(* Under the assumptions below, the entries of the bidiagonal factors of $\mathscr T_N$ are given by \[ U_{b,n}=-\frac{\tau^B_{b-1,n}\,\tau^B_{b,n+1}}{\tau^B_{b-1,n+1}\,\tau^B_{b,n}},\qquad b\in\{1,\dots,q\},\ n\in\{0,1,\dots,N-b-1\}, \] \[ L_{a,n+1}=-\frac{\tau^A_{a-1,n+2}\,\tau^A_{a,n}}{\tau^A_{a-1,n+1}\,\tau^A_{a,n+1}},\qquad a\in\{1,\dots,p\},\ n\in\{0,1,\dots,N-a-1\}. \]
   Context: Let $p,q\in\mathbb N$ and let $\mu=(\mu_{i,j})$ be a $q\times p$ matrix of measures on $\mathbb R$. For $r,M\in\mathbb N$ let $X^{[M]}_{[r]}(x)$ be the $M\times r$ matrix of monomials whose row $i$ ($i=0,1,\dots,M-1$) is $x^{\lfloor i/r\rfloor}e_{(i \bmod r)+1}^\top$ (i.e. the first $M$ rows of the block column $I_r, xI_r, x^2I_r,\dots$). For $N,M\in\mathbb N$ put $\mathscr M^{[N,M]}=\int X^{[N]}_{[q]}(x)\,\mathrm d\mu(x)\,\big(X^{[M]}_{[p]}(x)\big)^\top$ and $\mathscr M_N=\mathscr M^{[N,N]}$. Assume $\mathscr M_N$ has a Gauss--Borel factorization $\mathscr M_N=\mathscr L_N^{-1}\mathscr U_N^{-1}$ with $\mathscr L_N$ lower unitriangular and $\mathscr U_N$ nonsingular upper triangular. Define the polynomial matrices $B^{[N]}=\mathscr L_N X^{[N]}_{[q]}$ (an $N\times q$ matrix with entries $B^{(j)}_n(x)$, row $n\in\{0,\dots,N-1\}$, column $j\in\{1,\dots,q\}$) and $A^{[N]}=\big(X^{[N]}_{[p]}\big)^\top\mathscr U_N$ (a $p\times N$ matrix with entries $A^{(i)}_n(x)$, row $i\in\{1,\dots,p\}$, column $n$). Let $\Lambda^{[N,N+q]}_{[q]}$ be the $N\times(N+q)$ matrix with entries $\delta_{j,i+q}$, and define the banded recursion matrix (with $q$ superdiagonals and $p$ subdiagonals) $\mathscr T_N=\mathscr L_N\Lambda^{[N,N+q]}_{[q]}\mathscr M^{[N+q,N]}\mathscr U_N$. For $r\in\mathbb N$ let $\mathfrak X_{[r,1]}(x)$ be the $r\times r$ matrix whose first $r-1$ rows are $\begin{bmatrix}0_{(r-1)\times1} & I_{r-1}\end{bmatrix}$ and whose last row is $\begin{bmatrix}x&0&\cdots&0\end{bmatrix}$. Define Christoffel-perturbed measures $\mathrm d\mu_{(n,m)}=\mathfrak X_{[q,1]}^n\,\mathrm d\mu\,\big(\mathfrak X_{[p,1]}^m\big)^\top$, their moment matrices $\mathscr M_{N,(n,m)}=\int X^{[N]}_{[q]}\,\mathrm d\mu_{(n,m)}\,(X^{[N]}_{[p]})^\top$, and assume each $\mathscr M_{N,(b,0)}$, $b\in\{1,\dots,q\}$, and $\mathscr M_{N,(0,a)}$, $a\in\{1,\dots,p\}$, admits a Gauss--Borel factorization $\mathscr M_{N,(n,m)}=\mathscr L_{N,(n,m)}^{-1}\mathscr U_{N,(n,m)}^{-1}$ (lower unitriangular / upper triangular). Then $\mathscr T_N=L_1\cdots L_pU_q\cdots U_1$ with $U_b=\mathscr U_{N,(b,0)}^{-1}\mathscr U_{N,(b-1,0)}$ upper bidiagonal with diagonal entries $U_{b,0},\dots,U_{b,N-1}$ and all superdiagonal entries equal to $1$, and $L_a=\mathscr L_{N,(0,a-1)}\mathscr L_{N,(0,a)}^{-1}$ lower bidiagonal with unit diagonal and subdiagonal entries $L_{a,1},\dots,L_{a,N-1}$. The $\tau$-determinants are \[ \tau^B_{b,n}=\det\begin{bmatrix}B^{(1)}_n(0)&\cdots&B^{(b)}_n(0)\\ \vdots&&\vdots\\ B^{(1)}_{n+b-1}(0)&\cdots&B^{(b)}_{n+b-1}(0)\end{bmatrix},\qquad \tau^A_{a,n}=\det\begin{bmatrix}A^{(1)}_{n+a-1}(0)&\cdots&A^{(1)}_n(0)\\ \vdots&&\vdots\\ A^{(a)}_{n+a-1}(0)&\cdots&A^{(a)}_n(0)\end{bmatrix}, \] with $\tau^A_{0,n}=\tau^B_{0,n}=1$; their nonvanishing is equivalent to the existence of the transformed orthogonality for $\mathrm d\mu_{(b,0)}$ and $\mathrm d\mu_{(0,a)}$. *)

From HB Require Import structures.
From mathcomp Require Import all_boot all_order all_algebra.
From mathcomp Require Import all_classical all_reals all_analysis.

::::::::::

**ASSIGNMENT**. Which lines of the records above contain the word "Import"? Report each one in full.

**ANSWER TO THE PROBLEM**.
From HB Require Import structures.
From mathcomp Require Import all_boot all_order all_algebra.
From mathcomp Require Import all_classical all_reals all_analysis.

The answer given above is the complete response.